Content starts

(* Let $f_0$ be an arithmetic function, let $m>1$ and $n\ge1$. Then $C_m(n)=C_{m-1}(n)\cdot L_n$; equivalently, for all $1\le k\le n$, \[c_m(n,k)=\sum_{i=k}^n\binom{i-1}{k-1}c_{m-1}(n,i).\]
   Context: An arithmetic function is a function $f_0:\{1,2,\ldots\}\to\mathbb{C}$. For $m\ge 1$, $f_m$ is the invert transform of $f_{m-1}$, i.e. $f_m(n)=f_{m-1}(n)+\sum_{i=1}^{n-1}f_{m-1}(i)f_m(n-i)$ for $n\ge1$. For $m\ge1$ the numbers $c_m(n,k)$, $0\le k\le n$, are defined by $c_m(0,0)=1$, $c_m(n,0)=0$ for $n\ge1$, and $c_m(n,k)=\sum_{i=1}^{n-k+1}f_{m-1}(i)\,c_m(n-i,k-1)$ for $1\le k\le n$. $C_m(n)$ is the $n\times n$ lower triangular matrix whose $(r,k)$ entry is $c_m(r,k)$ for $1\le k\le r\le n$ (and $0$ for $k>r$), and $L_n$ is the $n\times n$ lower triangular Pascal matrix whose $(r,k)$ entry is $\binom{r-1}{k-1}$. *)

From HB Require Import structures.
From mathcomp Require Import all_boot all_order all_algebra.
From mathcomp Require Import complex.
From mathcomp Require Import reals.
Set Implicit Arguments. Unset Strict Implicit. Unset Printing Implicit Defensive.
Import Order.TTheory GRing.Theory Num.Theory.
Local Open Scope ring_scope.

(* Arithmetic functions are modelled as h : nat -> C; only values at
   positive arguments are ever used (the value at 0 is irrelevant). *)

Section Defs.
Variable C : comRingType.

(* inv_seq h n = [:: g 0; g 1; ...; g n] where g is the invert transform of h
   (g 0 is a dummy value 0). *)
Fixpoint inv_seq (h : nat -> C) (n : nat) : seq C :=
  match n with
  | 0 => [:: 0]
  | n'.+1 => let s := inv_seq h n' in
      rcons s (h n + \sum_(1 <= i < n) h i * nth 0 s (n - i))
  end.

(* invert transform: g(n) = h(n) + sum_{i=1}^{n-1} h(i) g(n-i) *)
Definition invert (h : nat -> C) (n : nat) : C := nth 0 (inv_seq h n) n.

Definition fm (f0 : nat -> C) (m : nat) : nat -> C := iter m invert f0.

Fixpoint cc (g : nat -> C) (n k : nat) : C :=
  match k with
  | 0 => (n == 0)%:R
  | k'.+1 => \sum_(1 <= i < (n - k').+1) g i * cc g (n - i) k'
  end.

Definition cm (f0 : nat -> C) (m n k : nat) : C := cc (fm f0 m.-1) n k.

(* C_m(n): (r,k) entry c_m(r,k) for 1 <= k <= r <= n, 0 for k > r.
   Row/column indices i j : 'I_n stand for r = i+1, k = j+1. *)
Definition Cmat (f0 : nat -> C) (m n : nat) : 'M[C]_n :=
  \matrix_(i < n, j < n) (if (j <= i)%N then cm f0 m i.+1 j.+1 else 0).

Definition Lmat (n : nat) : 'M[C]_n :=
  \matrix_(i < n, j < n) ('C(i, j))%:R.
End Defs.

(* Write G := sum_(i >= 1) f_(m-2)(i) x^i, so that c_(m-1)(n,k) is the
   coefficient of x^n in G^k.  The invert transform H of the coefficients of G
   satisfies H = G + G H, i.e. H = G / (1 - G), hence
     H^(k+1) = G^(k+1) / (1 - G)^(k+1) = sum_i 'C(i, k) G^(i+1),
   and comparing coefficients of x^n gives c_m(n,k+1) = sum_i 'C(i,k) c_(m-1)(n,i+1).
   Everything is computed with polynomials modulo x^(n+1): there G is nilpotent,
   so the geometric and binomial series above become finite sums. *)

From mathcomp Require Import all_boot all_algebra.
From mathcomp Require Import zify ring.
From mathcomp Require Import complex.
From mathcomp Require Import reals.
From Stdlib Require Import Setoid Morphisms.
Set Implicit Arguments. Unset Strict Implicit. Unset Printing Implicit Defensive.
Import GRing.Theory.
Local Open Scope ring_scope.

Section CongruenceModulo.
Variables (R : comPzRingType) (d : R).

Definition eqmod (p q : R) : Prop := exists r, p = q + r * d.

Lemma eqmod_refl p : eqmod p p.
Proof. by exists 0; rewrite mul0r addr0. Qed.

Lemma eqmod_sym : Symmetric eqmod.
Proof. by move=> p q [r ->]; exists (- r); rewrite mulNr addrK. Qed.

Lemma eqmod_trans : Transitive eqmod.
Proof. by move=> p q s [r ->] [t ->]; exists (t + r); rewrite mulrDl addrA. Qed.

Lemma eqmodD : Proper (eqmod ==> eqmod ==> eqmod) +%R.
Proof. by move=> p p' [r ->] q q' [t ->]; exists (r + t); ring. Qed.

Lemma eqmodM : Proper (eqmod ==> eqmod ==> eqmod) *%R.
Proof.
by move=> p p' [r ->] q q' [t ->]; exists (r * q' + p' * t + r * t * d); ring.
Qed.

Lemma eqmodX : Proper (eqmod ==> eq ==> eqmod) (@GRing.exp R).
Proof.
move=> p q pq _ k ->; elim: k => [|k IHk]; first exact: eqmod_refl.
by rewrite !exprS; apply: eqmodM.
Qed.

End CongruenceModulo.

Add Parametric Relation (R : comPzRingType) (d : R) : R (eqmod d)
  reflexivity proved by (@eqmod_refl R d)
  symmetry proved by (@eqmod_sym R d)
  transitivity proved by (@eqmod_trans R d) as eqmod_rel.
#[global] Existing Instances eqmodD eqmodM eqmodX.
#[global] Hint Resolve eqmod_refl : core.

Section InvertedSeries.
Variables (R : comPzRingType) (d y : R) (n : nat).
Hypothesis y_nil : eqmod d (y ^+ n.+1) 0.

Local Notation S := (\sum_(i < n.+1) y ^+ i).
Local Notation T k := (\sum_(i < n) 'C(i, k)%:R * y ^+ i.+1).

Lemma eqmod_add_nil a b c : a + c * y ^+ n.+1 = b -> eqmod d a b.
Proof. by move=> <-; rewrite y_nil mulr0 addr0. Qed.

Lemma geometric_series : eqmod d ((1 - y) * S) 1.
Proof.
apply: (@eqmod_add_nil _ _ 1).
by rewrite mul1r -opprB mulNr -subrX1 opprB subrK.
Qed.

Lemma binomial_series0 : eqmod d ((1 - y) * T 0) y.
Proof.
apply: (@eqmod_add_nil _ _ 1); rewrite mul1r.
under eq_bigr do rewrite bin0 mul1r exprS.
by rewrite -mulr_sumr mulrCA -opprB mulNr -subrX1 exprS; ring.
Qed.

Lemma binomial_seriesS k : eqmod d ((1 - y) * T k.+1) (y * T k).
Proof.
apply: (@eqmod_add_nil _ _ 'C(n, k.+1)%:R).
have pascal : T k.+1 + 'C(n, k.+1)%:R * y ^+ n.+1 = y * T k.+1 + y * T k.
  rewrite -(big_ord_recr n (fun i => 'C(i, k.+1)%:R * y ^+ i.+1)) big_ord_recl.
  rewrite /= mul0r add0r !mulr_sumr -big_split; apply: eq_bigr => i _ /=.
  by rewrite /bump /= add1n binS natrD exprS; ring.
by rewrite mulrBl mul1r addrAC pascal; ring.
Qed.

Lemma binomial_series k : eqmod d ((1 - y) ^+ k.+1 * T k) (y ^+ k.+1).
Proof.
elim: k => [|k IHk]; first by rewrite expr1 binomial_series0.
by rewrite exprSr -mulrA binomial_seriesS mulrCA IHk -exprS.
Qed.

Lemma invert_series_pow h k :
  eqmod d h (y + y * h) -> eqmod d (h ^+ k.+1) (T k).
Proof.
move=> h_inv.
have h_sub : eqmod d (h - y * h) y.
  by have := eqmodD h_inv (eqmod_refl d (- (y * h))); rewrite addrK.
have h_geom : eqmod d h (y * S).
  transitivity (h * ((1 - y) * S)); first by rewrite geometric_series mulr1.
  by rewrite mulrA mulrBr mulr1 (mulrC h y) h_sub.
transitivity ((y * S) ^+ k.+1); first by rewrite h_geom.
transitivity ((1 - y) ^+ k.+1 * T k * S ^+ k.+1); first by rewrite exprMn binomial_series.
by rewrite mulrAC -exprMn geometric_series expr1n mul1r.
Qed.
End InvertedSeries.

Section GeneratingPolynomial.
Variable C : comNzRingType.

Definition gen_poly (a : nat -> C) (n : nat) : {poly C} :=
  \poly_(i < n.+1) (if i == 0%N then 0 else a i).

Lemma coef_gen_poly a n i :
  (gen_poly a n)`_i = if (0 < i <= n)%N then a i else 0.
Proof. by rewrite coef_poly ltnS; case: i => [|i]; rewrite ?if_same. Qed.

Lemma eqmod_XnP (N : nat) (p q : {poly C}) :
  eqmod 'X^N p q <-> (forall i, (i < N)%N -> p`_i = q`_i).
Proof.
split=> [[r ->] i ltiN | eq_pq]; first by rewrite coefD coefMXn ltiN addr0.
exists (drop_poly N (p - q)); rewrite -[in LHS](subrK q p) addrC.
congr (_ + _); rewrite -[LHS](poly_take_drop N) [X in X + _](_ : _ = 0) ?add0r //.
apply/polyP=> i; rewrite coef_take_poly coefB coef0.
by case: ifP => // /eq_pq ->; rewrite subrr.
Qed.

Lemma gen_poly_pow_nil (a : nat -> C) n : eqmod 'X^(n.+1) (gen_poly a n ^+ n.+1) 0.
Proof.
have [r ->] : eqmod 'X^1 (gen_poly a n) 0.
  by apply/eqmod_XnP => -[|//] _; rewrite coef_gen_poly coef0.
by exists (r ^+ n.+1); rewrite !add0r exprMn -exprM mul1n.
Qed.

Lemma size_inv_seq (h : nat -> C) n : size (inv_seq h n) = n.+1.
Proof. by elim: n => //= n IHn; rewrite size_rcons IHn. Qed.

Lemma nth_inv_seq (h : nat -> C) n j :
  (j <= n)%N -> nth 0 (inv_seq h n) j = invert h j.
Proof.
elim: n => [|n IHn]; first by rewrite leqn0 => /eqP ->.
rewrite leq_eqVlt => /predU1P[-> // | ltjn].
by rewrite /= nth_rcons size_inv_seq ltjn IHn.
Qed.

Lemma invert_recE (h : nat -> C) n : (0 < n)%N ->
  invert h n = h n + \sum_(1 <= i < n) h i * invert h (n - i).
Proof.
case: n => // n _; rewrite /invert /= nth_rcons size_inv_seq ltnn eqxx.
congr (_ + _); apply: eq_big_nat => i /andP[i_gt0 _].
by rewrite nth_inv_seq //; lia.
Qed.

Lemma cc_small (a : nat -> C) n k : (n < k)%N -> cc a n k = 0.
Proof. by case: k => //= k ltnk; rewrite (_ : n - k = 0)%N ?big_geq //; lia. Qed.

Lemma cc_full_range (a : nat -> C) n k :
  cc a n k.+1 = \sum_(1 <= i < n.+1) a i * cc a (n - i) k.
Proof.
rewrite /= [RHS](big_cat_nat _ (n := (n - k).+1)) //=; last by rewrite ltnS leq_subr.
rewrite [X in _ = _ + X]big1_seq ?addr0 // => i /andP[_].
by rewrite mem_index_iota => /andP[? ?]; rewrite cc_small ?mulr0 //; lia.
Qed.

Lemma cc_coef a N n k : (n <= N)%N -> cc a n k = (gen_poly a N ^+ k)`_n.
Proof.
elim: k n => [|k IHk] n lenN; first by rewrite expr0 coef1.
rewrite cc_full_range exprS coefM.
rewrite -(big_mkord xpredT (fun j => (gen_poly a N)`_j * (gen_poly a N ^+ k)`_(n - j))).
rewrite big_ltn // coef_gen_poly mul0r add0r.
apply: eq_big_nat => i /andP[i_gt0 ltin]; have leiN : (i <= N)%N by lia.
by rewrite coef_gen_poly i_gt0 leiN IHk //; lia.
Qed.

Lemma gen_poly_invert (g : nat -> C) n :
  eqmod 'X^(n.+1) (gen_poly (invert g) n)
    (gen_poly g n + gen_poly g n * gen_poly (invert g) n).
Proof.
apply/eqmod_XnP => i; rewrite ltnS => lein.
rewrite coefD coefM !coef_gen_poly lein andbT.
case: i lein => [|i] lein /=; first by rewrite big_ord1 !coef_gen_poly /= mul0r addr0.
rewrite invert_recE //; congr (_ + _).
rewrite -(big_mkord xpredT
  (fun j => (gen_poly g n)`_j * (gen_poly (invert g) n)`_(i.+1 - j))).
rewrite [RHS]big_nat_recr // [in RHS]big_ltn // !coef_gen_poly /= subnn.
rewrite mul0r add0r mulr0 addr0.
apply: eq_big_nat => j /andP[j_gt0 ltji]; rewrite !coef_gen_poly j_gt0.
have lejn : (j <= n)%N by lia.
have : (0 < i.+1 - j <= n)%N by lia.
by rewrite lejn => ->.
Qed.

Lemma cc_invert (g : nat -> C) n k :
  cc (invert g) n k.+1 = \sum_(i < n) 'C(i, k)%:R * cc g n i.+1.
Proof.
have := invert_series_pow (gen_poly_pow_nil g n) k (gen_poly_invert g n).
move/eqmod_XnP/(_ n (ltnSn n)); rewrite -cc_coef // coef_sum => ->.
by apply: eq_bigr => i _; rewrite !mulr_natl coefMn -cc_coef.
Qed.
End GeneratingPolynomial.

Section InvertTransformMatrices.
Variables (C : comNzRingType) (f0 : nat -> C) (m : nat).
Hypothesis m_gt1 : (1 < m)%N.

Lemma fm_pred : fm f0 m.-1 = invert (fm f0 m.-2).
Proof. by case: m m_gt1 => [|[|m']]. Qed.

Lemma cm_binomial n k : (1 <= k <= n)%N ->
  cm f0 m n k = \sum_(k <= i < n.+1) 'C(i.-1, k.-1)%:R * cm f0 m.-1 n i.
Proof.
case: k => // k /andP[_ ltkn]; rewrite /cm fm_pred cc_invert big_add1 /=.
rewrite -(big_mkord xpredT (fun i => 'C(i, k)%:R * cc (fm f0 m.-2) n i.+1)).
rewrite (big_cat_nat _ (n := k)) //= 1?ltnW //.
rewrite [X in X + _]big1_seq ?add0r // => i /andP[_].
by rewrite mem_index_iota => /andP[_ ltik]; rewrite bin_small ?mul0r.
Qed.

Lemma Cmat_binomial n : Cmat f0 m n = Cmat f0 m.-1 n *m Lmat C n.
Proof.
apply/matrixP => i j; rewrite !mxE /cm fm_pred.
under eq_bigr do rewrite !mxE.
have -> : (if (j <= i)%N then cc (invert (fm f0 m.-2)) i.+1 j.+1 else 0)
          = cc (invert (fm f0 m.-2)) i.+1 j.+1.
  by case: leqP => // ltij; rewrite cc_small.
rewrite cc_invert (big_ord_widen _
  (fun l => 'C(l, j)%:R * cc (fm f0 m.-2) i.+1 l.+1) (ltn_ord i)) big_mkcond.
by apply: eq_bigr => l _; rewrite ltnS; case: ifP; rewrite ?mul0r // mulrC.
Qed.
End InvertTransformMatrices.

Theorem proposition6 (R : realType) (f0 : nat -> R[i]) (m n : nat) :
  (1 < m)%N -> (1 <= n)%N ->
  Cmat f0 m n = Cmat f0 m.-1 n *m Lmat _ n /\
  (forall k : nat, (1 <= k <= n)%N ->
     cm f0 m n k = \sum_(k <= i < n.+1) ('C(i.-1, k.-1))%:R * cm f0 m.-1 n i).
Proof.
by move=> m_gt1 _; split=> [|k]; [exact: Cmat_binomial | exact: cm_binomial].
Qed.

Content ends

TASK DESCRIPTION: Within the data above, the span starting at the line containing "Lemma size_inv_seq (h" and ending at the line containing "Lemma invert_recE (h" is to be retyped exactly, with no other lines.

RESPONSE:
Lemma size_inv_seq (h : nat -> C) n : size (inv_seq h n) = n.+1.
Proof. by elim: n => //= n IHn; rewrite size_rcons IHn. Qed.

Lemma nth_inv_seq (h : nat -> C) n j :
  (j <= n)%N -> nth 0 (inv_seq h n) j = invert h j.
Proof.
elim: n => [|n IHn]; first by rewrite leqn0 => /eqP ->.
rewrite leq_eqVlt => /predU1P[-> // | ltjn].
by rewrite /= nth_rcons size_inv_seq ltjn IHn.
Qed.

Lemma invert_recE (h : nat -> C) n : (0 < n)%N ->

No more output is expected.